Last night I went out to just such a bar where my total lack of social grace and confidence could run free. We’d been there for maybe an hour or so when I notice a girl from across the bar (cliché!) looking at me. When we made eye contact she pointed at her eyes with her index and middle fingers and then pointed at me. I had to mentally and consciously prevent myself from looking around before I did the traditional “point at your own chest and mouth ‘me?’” maneuver. She responded to my crazy smooth only-mouthed-me bit by doing the eye pointing bit again. So I did it back. So… she did it back. This continued for a longer time than might be acceptable. Finally I squeeze my way around the bachelorette party she was a part of (if the woman in the veil wasn’t telling sign, the straws shaped like penises were) and started a conversation. I told her I had no idea what the hand gesture meant. (A lie, we all saw Meet the Parents) She said it meant she had her eye on me. Indeed? She could not tell me if this was good (romantic, in my mind) or bad (an impending street fight perhaps) even when pressed. We talked about important and deep things. Like the penis straws. Then after a while we wandered apart. Later when my wanderings brought us back together we began to talk again.
I can’t remember why, exactly, but another member of the party was brought in to the conversation. This new girl begins to tell me what a catch my new friend is. Why is that, I asked. I was treated to a list of fairly generic sounding traits like “awesome” and “smart” and some other adjectives I couldn’t hear over the band’s cover of “Take Me Out.” Then she said something about “two years too late.” Late for what?
For the last two years my new friend has been in a relationship with a doctor. Pardon me? True story!

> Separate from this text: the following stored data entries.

Lemma infinite_superset (A B : subset_nat) :
  infinite_set A -> (forall m, A m -> B m) -> infinite_set B.
Proof. intros HA HAB HB. apply HA. apply (finite_subset B); assumption. Qed.

Lemma cofinite_above (C : subset_nat) :
  cofinite C -> exists N, forall y, N <= y -> C y.
Proof.
  intros [N HN]. exists N. intros y hy. apply NNPP. intro Cy.
  specialize (HN y Cy). lia.
Qed.

Lemma cofinite_ge (N : nat) : cofinite (fun y => N <= y).
Proof. exists N. intros y hy. lia. Qed.

Lemma infinite_meets_cofinite (A C : subset_nat) :
  infinite_set A -> cofinite C -> forall N, exists y, N <= y /\ A y /\ C y.
Proof.
  intros HA HC N. destruct (cofinite_above C HC) as [N' HN'].
  destruct (infinite_unbounded A HA (N + N')) as [y [hy Ay]].
  exists y. repeat split; [lia | exact Ay | apply HN'; lia].
Qed.

Section PositiveSets.

Variable F : subset_nat -> Prop.
Hypothesis HF : is_filter F.

Lemma Fplus_mono (A B : subset_nat) :
  Fplus F A -> (forall x, A x -> B x) -> Fplus F B.
Proof.
  intros HA HAB HB. apply HA. destruct HF as [_ [Hsup _]].
  apply (Hsup _ _ HB). intros m nB Am. exact (nB (HAB m Am)).
Qed.

Lemma Fplus_infinite (A : subset_nat) : Fplus F A -> infinite_set A.
Proof.
  intros HA Afin. apply HA. destruct HF as [_ [_ Hcof]]. apply Hcof.
  apply (finite_subset A _ Afin). intros m. apply NNPP.
Qed.

Lemma Fplus_union (A B : subset_nat) :
  Fplus F (fun x => A x \/ B x) -> Fplus F A \/ Fplus F B.
Proof.
  intro HAB. apply NNPP. intro Hno.
  apply not_or_and in Hno as [nA nB]. apply NNPP in nA, nB.
  apply HAB. destruct HF as [Hcap [Hsup _]].
  apply (Hsup _ _ (Hcap _ _ nA nB)). intros x [nAx nBx] [Ax | Bx]; auto.
Qed.

Lemma Fplus_cap_cofinite (A C : subset_nat) :
  Fplus F A -> cofinite C -> Fplus F (fun x => A x /\ C x).
Proof.
  intros HA HC HnAC. apply HA. destruct HF as [Hcap [Hsup Hcof]].
  apply (Hsup _ _ (Hcap _ _ HnAC (Hcof _ HC))).
  intros x [nAC Cx] Ax. exact (nAC (conj Ax Cx)).
Qed.

End PositiveSets.

Lemma prefix_length {A : Type} (u : nat -> A) (k : nat) : length (prefix u k) = k.
Proof. unfold prefix. rewrite length_map, length_seq. reflexivity. Qed.

Lemma in_prefix {A : Type} (u : nat -> A) (i j : nat) : i < j -> In (u i) (prefix u j).
Proof. intro hij. apply in_map, in_seq. lia. Qed.

Lemma in_prefix_inv {A : Type} (u : nat -> A) (j : nat) (x : A) :
  In x (prefix u j) -> exists i, i < j /\ u i = x.
Proof.
  intro hx. apply in_map_iff in hx as [i [<- hi]]. apply in_seq in hi.
  exists i. split; [lia | reflexivity].
Qed.

Section Increasing.

Variable f : nat -> nat.
Hypothesis f_incr : forall i, f i < f (S i).

Lemma incr_le (i j : nat) : i <= j -> f i <= f j.
Proof. induction 1 as [| j _ IH]; [lia |]. pose proof (f_incr j). lia. Qed.

Lemma incr_ge_id (i : nat) : i <= f i.
Proof. induction i as [| i IH]; [lia |]. pose proof (f_incr i). lia. Qed.

End Increasing.

Section IntervalPartition.

Variable m : nat -> nat.
Hypothesis m_incr : forall k, m k < m (S k).
Hypothesis m_0 : m 0 = 0.

Definition interval (k x : nat) : Prop := m k <= x < m (S k).

Lemma interval_exists (x : nat) : exists k, interval k x.
Proof.
  induction x as [| x [k hk]].
  - exists 0. unfold interval. rewrite m_0. pose proof (m_incr 0). lia.
  - destruct (Nat.eq_dec (S x) (m (S k))) as [e | e].
    + exists (S k). unfold interval. pose proof (m_incr (S k)). lia.
    + exists k. unfold interval in *. lia.
Qed.

Lemma interval_index_le (k l x y : nat) :
  interval k x -> interval l y -> x <= y -> k <= l.
Proof.
  unfold interval. intros hx hy hxy. apply Nat.nlt_ge. intro hlk.
  pose proof (incr_le m m_incr (S l) k hlk). lia.
Qed.

Lemma interval_partition : finite_partition interval.
Proof.
  split; [| split].
  - intro k. exists (m (S k)). intros x hx. apply hx.
  - intros k l x hk hl.
    pose proof (interval_index_le k l x x hk hl (le_n x)).
    pose proof (interval_index_le l k x x hl hk (le_n x)). lia.
  - exact interval_exists.
Qed.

I understand that I am a majestic figure of a man and it’s only natural that one might watch me as I wander the bar, but do not telegraph this point to me unless you have a good reason! So we continued to talk and then the bride to be descended upon me. She was a nice enough person, for all her boisterous drunken enthusiasm. She pointed out all the accoutrements of the bachelorette- the veil, the penis straw, the white tank top with “bride to be” picked out across the chest in rhinestones. Then she asked me if I was single. Now, idiot though I may be, I suspected that this woman might have had a boyfriend. I don’t know why, something I just couldn’t put my finger on. I told her I didn’t and she began listing off reasons I should and she couldn’t believe I didn’t. Another list of somewhat generic terms came forth. “Tall,” “funny,” “nice,” “cute.” Erm, thank you? I shall remember this information? Good luck on your wedding?
And so, after that, the bride to be and her bridesmaids drifted out of the bar. But I like to think that I will forever be a part of that wonderful quilted tapestry of memory. Specifically the little square of fabric that says “remember that guy who hit on Jackie at the bachelorette party? Haha hilarious!”